How many solutions to a linear congruence are units?

Question

It is well-known that a linear congruence $ax\equiv b\pmod{n}$ has solutions if and only if the gcd $d:=(a,n)$ divides $b$, and then it has exactly $d$ incongruent ones, namely, $x=x_0+t\frac{n}{d}$ for $t=0,\dots,d-1$. My question is how many of these $x$ are units of $\mathbb{Z}_n$, i.e., $(x,n)=1$?
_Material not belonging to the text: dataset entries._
(* Let $C_n(a,b)$ be a connected $2$-regular circulant digraph, let $l\ge1$, $0\le k\le l$ with $la+k(b-a)=\omega n$ for an integer $\omega$, and let $w\in\mathbb{W}_2(l,k)$ with $w=x^r$ where $r$ is the repetition number of $w$. Then for any vertex $v$, the periodic orbit $p=\varphi(w,v)$ is primitive if and only if $\gcd(r,\omega)=1$. More generally, if $p=q^t$ for some periodic orbit $q$ and positive integer $t$, then $q$ is primitive if and only if $t=\gcd(r,\omega)$.
   Context: Let $n\ge 2$ and $0<a<b<n$ be integers with $\gcd(n,a,b)=1$. $C_n(a,b)$ has vertex set $\mathbb{Z}_n$ and directed bonds $(v,v+a)$, $(v,v+b)$ (addition mod $n$), with step sizes $a$, $b$. A path of length $l$ is a sequence of bonds $(e_1,\dots,e_l)$ with the terminus of $e_j$ equal to the origin of $e_{j+1}$; its $b$-count is the number of bonds of step size $b$; its step sequence is the sequence of step sizes; a circuit is a path whose last terminus equals its first origin. A periodic orbit is an equivalence class of circuits under cyclic rotation $(e_1,\dots,e_l)\mapsto(e_2,\dots,e_l,e_1)$. For a circuit $c$, $c^t$ is the concatenation of $t$ copies, and for an orbit $q=[c]$, $q^t=[c^t]$. An orbit is primitive if it is not $[c_0^r]$ for a circuit $c_0$ and $r>1$. $\mathbb{W}_2(l,k)$ is the set of words over $\{a,b\}$ of length $l$ with exactly $k$ letters $b$; the repetition number of a word $w$ is the largest $r$ with $w=x^r$ for some word $x$ (then $x$ is primitive, i.e., not a proper power). Identifying letters $a,b$ with step sizes $a,b$, $\psi(w,v)$ is the unique path starting at vertex $v$ with step sequence $w$; when it is a circuit, $\varphi(w,v)=[\psi(w,v)]$. *)

From mathcomp Require Import all_boot all_order all_algebra.
Set Implicit Arguments. Unset Strict Implicit. Unset Printing Implicit Defensive.

(* Circulant digraph C_n(a,b): vertices are the naturals v < n (= Z_n),
   a bond is a pair (origin, letter) where letter false = step a, true = step b.
   Since a <> b (mod n), a bond (v, v+a) / (v, v+b) is determined by its origin
   and its step size. *)
Definition bond := (nat * bool)%type.

Definition step (a b : nat) (s : bool) : nat := if s then b else a.

Definition origin (e : bond) : nat := e.1.
Definition terminus (n a b : nat) (e : bond) : nat := (e.1 + step a b e.2) %% n.

Definition is_bond (n : nat) (e : bond) : bool := e.1 < n.

Definition consec (n a b : nat) (e f : bond) : bool := terminus n a b e == origin f.

Definition is_circuit (n a b : nat) (c : seq bond) : bool :=
  [&& c != [::], all (is_bond n) c & cycle (consec n a b) c].

Definition cpower (c : seq bond) (t : nat) : seq bond := flatten (nseq t c).

Definition same_orbit (c d : seq bond) : Prop := exists i, d = rot i c.

Definition primitive_orbit (n a b : nat) (c : seq bond) : Prop :=
  ~ exists (c0 : seq bond) (r : nat),
      [/\ is_circuit n a b c0, 1 < r & same_orbit (cpower c0 r) c].

Definition wpower (x : seq bool) (r : nat) : seq bool := flatten (nseq r x).

Definition repetition_number (w : seq bool) (r : nat) : Prop :=
  (exists x, w = wpower x r) /\ (forall x r', w = wpower x r' -> r' <= r).

Fixpoint psi (n a b : nat) (w : seq bool) (v : nat) : seq bond :=
  match w with
  | [::] => [::]
  | s :: w' => (v, s) :: psi n a b w' ((v + step a b s) %% n)
  end.

From mathcomp Require Import all_boot all_order all_algebra.
From mathcomp Require Import zify.
Set Implicit Arguments. Unset Strict Implicit. Unset Printing Implicit Defensive.

(* Periods of a cyclic sequence form a subgroup of Z, so by maximality of r the
   root x of w = x^r has no proper cyclic period.  Write r = j g and omega = o g
   with g = gcd(r, omega): the walk along x from v first returns to v after
   exactly j copies of x (the displacement of x^h is h omega n / r, a multiple
   of n iff j divides h), so psi(w, v) = Q^g where the walk Q = psi(x^j, v) has
   no proper cyclic period.  If c^t is a rotation of Q^g, the period |c| of Q^g
   is a multiple |c| = u |Q| with t u = g, and c is primitive iff u = 1. *)

Section SeqPower.
Variable T : Type.
Implicit Types s : seq T.

Definition seqpow s m := flatten (nseq m s).

Lemma seqpowS s m : seqpow s m.+1 = s ++ seqpow s m. Proof. by []. Qed.

Lemma size_seqpow s m : size (seqpow s m) = m * size s.
Proof. by elim: m => //= m IH; rewrite seqpowS size_cat IH mulSn. Qed.

Lemma seqpowD s m q : seqpow s (m + q) = seqpow s m ++ seqpow s q.
Proof. by elim: m => //= m IH; rewrite addSn !seqpowS IH catA. Qed.

Lemma seqpowM s p q : seqpow s (p * q) = seqpow (seqpow s p) q.
Proof. by elim: q => [|q IH]; rewrite ?muln0 // mulnS seqpowD IH. Qed.

Lemma nth_seqpow x0 s m i :
  i < m * size s -> nth x0 (seqpow s m) i = nth x0 s (i %% size s).
Proof.
elim: m i => [|m IH] i //; rewrite mulSn seqpowS nth_cat => lt_i.
case: ltnP => le_s_i; first by rewrite modn_small.
rewrite IH; last by rewrite -(ltn_add2l (size s)) subnKC.
by rewrite -{2}(subnK le_s_i) modnDr.
Qed.

End SeqPower.

Section CyclicPeriod.
Variables (T : Type) (x0 : T).
Implicit Types s : seq T.

Definition cnth s i := nth x0 s (i %% size s).

Definition cyclic_period s p := forall i, cnth s (i + p) = cnth s i.

Definition primitive_seq s := forall d, 0 < d < size s -> ~ cyclic_period s d.

Lemma cnth_seqpow s m i : 0 < m -> cnth (seqpow s m) i = cnth s i.
Proof.
move=> m_gt0; rewrite /cnth size_seqpow.
have [s0|s_gt0] := posnP (size s).
  by rewrite !nth_default ?size_seqpow ?s0 ?muln0.
rewrite nth_seqpow; last by rewrite ltn_mod muln_gt0 m_gt0.
by rewrite modn_dvdm // dvdn_mull.
Qed.

Lemma cyclic_period_seqpow s m p :
  0 < m -> cyclic_period (seqpow s m) p <-> cyclic_period s p.
Proof. by move=> m_gt0; split=> per i; have := per i; rewrite !cnth_seqpow. Qed.

Lemma cyclic_period_size s : cyclic_period s (size s).
Proof. by move=> i; rewrite /cnth modnDr. Qed.

Lemma cyclic_periodM s p k : cyclic_period s p -> cyclic_period s (k * p).
Proof.
move=> per; elim: k => [|k IH] i; first by rewrite addn0.
by rewrite mulSn addnA IH per.
Qed.

Lemma cyclic_periodB s p q :
  cyclic_period s p -> cyclic_period s q -> q <= p -> cyclic_period s (p - q).
Proof. by move=> per_p per_q le_qp i; rewrite -per_q -addnA subnK. Qed.

Lemma cyclic_period_gcd s p q :
  cyclic_period s p -> cyclic_period s q -> cyclic_period s (gcdn p q).
Proof.
move=> per_p per_q; have [->|p_gt0] := posnP p; first by rewrite gcd0n.
have [kp kq Ebezout _] := egcdnP q p_gt0.
have -> : gcdn p q = kp * p - kq * q by rewrite Ebezout addKn.
by apply: cyclic_periodB; [exact: cyclic_periodM.. | rewrite Ebezout leq_addr].
Qed.

Lemma cnth_rot k s i : k < size s -> cnth (rot k s) i = cnth s (i + k).
Proof.
move=> lt_k; rewrite /cnth size_rot.
have s_gt0 : 0 < size s by apply: leq_ltn_trans lt_k.
rewrite /rot nth_cat size_drop nth_drop -modnDml.
have lt_j : i %% size s < size s by rewrite ltn_mod.
move: (i %% size s) lt_j => j lt_j.
case: ltnP => le_j.
  by rewrite addnC modn_small //; lia.
rewrite nth_take; last by lia.
have -> : j + k = j - (size s - k) + size s by lia.
by rewrite modnDr modn_small //; lia.
Qed.
Lemma delta_plus k u v p : smooth_on A u -> smooth_on A v -> A p ->
  delta F k (fun q => u q + v q) p = delta F k u p + delta F k v p.
Proof. intros Hu Hv Hp. unfold delta, sum2. rewrite (dx_plus A), !(dy_plus A) by auto. ring. Qed.

Lemma delta_mult k u v p : smooth_on A u -> smooth_on A v -> A p ->
  delta F k (fun q => u q * v q) p = delta F k u p * v p + u p * delta F k v p.
Proof. intros Hu Hv Hp. unfold delta, sum2. rewrite (dx_mult A), !(dy_mult A) by auto. ring. Qed.

Lemma delta_scal k (c : R) u p : delta F k (fun q => c * u q) p = c * delta F k u p.
Proof. unfold delta, sum2. rewrite dx_scal, !dy_scal. ring. Qed.

Lemma delta_const k (c : R) p : delta F k (fun _ => c) p = 0.
Proof. unfold delta, sum2. rewrite dx_const, !dy_const. ring. Qed.

Lemma delta_inv k u p : smooth_on A u -> A p -> u p <> 0 ->
  delta F k (fun q => / u q) p = - delta F k u p / u p ^ 2.
Proof.
  intros Hu Hp Hnz. unfold delta, sum2. rewrite (dx_inv A), !(dy_inv A) by auto.
  field. exact Hnz.
Qed.

Lemma delta_sum2 k (w : I2 -> pt -> R) p : (forall j, smooth_on A (w j)) -> A p ->
  delta F k (fun q => sum2 (fun j => w j q)) p = sum2 (fun j => delta F k (w j) p).
Proof. intros Hw Hp. apply delta_plus; auto. Qed.

Lemma delta_loc k u v p : (forall q, A q -> u q = v q) -> A p -> delta F k u p = delta F k v p.
Proof.
  intros Huv Hp. unfold delta, sum2.
  now rewrite (dx_loc A HA u v), (dy_loc A HA u v i1), (dy_loc A HA u v i2).
Qed.

Lemma delta_ext k u v p : (forall q, u q = v q) -> delta F k u p = delta F k v p.
Proof.
  intros Huv. unfold delta, sum2.
  now rewrite (dx_ext u v), (dy_ext u v i1), (dy_ext u v i2).
Qed.

Lemma delta_F h p : A p -> delta F h F p = 0.
Proof.
  intros Hp. assert (E := delta_F2 h p Hp).
  rewrite (delta_ext h (F2 F) (fun q => F q * F q)), delta_mult in E
    by (auto; intros; unfold F2; ring).
  assert (Fn := F_neq0 p Hp). apply (Rmult_eq_reg_l (2 * F p)); [lra|].
  intros H0. apply Fn. lra.
Qed.

Lemma dy_delta h k u p : smooth_on A u -> A p ->
  dy h (delta F k u) p = delta F k (dy h u) p - sum2 (fun l => berwald l k h p * dy l u p).
Proof.
  intros Hu Hp. unfold delta at 1.
  rewrite (dy_minus A HA), (dy_sum2 A) by (intros; solve_smooth).
  unfold sum2. rewrite !(dy_mult A) by solve_smooth.
  unfold delta, berwald, sum2.
  rewrite (dx_dy_comm A HA u k h), (dy_dy_comm A HA u h i1), (dy_dy_comm A HA u h i2) by auto.
  ring.
Qed.

Lemma delta_dy_horiz u i k : smooth_on A u -> (forall q, A q -> delta F k u q = 0) ->
  forall p, A p -> delta F k (dy i u) p = sum2 (fun l => berwald l k i p * dy l u p).
Proof.
  intros Hu Hk p Hp. assert (H := dy_delta i k u p Hu Hp).
  rewrite (dy_zero A HA) in H by auto. lra.
Qed.

(* [cov_g j i k] is the Berwald covariant derivative [g_ji|k]. *)
Definition cov_g (j i k : I2) (p : pt) : R :=
  delta F k (g F j i) p - sum2 (fun l => berwald l k j p * g F l i p)
  - sum2 (fun l => berwald l k i p * g F j l p).

(* [cov0_Cart h j i] is [C_hji|0 = y^k C_hji|k]. *)
Definition cov0_Cart (h j i : I2) (p : pt) : R :=
  sum2 (fun k => yc k p * delta F k (Cart F h j i) p)
  - sum2 (fun l => Gij F l h p * Cart F l j i p + Gij F l j p * Cart F h l i p
                   + Gij F l i p * Cart F h j l p).

Lemma dy_g_Cart h j i q : dy h (g F j i) q = 2 * Cart F h j i q.
Proof. unfold g at 1. rewrite dy_scal. unfold Cart. field. Qed.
More generally, one can ask how many (incongruent) units occur in the arithmetic sequence $x_0+td'$ with $d'\mid n$. When $d'=1$, the answer is all of them, i.e., the Euler's totient $\varphi(n)$. It cannot be $\varphi(\frac{n}{d'})$ in general because if $x_0$ has non-trivial common divisors with $d'$ the answer will be $0$, but maybe it is true when $(x_0,d')=1$? Has this question been studied? It comes up when counting elements in certain centralizers and conjugacy classes.

Answer 1

As here, let $\,{\rm gdc}(m,n) :=$ greatest divisor of $\,m\,$ that is coprime to $\,n\,$ (which can be efficiently computed by iteratively taking gcds). $ $ OP "generally" is the special case $\,a\mid c_a\,$ below.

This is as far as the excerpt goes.